◆ **YOUR OBJECTIVE**
Two lines in the data below mark the range: the one with "Fixpoint nsum (m" and the one with "Fixpoint rsum (m". Return both, along with every line between them, exactly.

◆ **RECORD SET**
——

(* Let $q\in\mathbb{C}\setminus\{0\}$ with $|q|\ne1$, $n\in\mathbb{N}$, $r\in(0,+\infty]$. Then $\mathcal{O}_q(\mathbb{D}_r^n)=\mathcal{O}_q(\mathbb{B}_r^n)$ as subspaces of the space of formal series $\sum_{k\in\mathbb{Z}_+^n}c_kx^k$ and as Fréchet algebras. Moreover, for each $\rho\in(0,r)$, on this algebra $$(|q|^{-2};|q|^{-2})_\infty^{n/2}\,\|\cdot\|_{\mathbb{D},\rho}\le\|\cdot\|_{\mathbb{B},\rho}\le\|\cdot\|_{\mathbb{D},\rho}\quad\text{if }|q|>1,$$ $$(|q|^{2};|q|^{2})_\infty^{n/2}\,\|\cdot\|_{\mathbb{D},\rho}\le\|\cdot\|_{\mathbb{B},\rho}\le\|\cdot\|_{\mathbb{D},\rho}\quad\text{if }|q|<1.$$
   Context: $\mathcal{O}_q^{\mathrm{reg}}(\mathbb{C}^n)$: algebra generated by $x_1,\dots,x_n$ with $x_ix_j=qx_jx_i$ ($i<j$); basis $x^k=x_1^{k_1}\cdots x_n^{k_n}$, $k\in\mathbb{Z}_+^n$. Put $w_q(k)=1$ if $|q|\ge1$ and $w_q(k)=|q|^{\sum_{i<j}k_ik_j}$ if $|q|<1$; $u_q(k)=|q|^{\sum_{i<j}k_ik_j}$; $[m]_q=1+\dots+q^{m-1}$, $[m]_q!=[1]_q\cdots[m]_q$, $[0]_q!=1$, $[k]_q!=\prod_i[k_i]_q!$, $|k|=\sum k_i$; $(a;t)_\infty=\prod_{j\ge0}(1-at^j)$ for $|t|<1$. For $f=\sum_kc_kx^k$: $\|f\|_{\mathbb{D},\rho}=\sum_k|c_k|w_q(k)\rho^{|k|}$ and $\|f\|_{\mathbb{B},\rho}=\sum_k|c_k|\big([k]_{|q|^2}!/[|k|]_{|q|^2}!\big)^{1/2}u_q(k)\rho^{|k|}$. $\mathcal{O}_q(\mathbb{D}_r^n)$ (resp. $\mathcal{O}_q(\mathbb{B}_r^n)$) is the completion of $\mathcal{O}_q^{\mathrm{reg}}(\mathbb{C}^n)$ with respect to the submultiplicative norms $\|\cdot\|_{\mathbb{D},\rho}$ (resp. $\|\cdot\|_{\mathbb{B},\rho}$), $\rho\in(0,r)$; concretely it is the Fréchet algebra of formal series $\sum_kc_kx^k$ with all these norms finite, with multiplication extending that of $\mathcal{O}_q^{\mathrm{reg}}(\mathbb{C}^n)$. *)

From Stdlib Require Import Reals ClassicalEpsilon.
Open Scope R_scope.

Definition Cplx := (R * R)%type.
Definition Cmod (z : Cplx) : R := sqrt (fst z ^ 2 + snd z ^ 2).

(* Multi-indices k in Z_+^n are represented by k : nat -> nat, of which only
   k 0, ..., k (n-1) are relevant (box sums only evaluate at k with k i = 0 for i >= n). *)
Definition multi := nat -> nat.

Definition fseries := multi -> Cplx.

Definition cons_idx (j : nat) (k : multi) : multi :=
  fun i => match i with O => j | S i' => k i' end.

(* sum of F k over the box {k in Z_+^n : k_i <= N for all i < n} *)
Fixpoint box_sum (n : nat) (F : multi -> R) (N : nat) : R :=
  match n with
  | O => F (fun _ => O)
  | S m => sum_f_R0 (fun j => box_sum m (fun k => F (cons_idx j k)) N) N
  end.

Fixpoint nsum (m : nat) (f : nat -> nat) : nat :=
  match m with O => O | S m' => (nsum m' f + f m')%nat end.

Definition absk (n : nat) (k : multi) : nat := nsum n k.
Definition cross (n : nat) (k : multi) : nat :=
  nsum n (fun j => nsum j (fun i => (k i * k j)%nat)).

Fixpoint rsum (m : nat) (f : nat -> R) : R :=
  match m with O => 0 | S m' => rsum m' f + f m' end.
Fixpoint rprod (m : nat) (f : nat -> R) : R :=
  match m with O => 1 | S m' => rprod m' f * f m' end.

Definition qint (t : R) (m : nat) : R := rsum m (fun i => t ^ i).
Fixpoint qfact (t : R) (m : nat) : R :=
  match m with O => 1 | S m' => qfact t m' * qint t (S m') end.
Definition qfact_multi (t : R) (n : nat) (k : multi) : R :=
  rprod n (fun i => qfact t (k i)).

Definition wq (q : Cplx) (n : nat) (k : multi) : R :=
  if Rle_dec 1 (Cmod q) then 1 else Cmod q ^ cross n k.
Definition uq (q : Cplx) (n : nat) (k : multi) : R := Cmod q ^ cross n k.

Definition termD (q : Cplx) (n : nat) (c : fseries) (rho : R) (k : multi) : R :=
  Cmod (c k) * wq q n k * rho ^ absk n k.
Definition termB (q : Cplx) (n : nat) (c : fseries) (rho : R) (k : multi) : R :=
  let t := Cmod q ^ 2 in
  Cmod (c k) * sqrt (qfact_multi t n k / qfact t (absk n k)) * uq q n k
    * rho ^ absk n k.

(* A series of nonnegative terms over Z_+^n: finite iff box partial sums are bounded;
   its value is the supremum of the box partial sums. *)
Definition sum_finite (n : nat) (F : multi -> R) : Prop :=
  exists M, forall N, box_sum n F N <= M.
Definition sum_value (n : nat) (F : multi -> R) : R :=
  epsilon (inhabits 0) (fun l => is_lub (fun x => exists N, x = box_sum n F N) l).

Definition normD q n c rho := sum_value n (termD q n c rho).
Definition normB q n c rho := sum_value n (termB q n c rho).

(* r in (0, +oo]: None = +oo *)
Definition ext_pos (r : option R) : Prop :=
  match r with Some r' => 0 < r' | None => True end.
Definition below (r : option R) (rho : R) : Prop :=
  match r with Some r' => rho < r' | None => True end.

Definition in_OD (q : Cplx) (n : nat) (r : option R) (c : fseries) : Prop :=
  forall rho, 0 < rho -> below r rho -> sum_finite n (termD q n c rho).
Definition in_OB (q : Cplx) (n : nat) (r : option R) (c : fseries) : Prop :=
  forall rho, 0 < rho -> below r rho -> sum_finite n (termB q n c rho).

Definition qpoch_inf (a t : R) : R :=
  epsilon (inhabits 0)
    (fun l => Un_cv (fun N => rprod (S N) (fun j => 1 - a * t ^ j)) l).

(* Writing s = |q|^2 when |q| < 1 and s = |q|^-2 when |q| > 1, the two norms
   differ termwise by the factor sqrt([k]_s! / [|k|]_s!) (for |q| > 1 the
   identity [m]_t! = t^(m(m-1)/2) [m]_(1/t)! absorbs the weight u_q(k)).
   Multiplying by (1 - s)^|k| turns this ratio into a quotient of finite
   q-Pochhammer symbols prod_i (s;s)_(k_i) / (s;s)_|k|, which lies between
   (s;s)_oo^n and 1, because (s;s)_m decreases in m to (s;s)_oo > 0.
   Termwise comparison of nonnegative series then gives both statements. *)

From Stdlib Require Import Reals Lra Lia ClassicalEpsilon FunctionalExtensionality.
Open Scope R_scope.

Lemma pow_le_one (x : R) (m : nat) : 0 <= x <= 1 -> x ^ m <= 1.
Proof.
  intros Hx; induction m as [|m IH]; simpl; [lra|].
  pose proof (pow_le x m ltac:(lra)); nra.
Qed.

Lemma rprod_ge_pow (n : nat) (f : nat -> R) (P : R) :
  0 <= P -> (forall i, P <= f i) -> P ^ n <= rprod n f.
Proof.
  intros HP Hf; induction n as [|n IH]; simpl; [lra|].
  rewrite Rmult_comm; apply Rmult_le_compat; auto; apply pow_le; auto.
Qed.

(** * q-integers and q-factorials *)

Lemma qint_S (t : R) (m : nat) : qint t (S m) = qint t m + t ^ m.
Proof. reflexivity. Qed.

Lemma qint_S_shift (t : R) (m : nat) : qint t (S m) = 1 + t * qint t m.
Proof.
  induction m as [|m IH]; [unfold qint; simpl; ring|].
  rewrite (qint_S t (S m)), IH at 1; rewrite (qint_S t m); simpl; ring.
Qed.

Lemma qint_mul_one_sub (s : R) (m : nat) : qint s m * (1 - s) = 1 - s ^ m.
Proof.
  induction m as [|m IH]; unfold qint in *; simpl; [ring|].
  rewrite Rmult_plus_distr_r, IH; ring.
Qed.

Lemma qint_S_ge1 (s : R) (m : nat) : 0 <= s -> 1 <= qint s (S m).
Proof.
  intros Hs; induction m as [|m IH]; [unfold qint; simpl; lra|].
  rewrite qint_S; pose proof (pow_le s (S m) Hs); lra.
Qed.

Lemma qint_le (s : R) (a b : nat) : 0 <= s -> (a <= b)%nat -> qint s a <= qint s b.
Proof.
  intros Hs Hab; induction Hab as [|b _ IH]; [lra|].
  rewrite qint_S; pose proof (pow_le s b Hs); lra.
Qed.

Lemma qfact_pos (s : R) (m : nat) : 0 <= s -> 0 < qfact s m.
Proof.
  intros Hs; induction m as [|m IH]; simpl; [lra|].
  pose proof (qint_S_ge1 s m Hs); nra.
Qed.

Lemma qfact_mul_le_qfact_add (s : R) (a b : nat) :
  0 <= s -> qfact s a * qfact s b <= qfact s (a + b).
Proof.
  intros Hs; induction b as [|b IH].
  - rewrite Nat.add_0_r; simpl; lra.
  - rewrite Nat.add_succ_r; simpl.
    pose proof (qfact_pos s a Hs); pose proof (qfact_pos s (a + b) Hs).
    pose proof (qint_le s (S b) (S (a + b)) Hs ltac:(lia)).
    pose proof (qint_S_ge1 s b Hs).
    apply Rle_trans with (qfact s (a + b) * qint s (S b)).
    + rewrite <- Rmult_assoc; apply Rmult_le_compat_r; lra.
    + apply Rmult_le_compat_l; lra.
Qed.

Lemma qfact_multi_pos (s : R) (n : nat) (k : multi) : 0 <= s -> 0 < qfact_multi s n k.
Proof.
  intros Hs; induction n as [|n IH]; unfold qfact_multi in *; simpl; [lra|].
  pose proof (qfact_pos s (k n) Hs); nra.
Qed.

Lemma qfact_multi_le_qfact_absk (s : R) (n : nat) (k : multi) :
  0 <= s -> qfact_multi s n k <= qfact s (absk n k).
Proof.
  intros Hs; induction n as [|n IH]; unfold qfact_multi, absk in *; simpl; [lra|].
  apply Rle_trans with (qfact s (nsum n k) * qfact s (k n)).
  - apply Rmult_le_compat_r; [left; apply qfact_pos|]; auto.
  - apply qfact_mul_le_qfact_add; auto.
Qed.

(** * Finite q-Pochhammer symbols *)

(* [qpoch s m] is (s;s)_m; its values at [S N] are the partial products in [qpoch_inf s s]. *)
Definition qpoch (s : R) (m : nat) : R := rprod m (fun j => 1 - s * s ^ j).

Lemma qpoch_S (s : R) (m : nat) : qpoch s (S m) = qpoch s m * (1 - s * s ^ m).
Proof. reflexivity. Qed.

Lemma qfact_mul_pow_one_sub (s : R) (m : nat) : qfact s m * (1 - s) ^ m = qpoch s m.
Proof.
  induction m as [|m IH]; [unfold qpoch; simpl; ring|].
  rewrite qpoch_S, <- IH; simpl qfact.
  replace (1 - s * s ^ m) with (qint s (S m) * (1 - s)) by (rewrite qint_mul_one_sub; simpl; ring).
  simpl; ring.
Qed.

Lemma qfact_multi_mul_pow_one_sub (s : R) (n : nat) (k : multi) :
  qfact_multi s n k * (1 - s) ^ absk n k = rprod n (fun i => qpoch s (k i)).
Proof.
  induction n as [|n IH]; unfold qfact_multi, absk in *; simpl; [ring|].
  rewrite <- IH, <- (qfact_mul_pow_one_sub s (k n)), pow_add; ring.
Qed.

——

◆ **TASK SOLUTION**
Fixpoint nsum (m : nat) (f : nat -> nat) : nat :=
  match m with O => O | S m' => (nsum m' f + f m')%nat end.

Definition absk (n : nat) (k : multi) : nat := nsum n k.
Definition cross (n : nat) (k : multi) : nat :=
  nsum n (fun j => nsum j (fun i => (k i * k j)%nat)).

Fixpoint rsum (m : nat) (f : nat -> R) : R :=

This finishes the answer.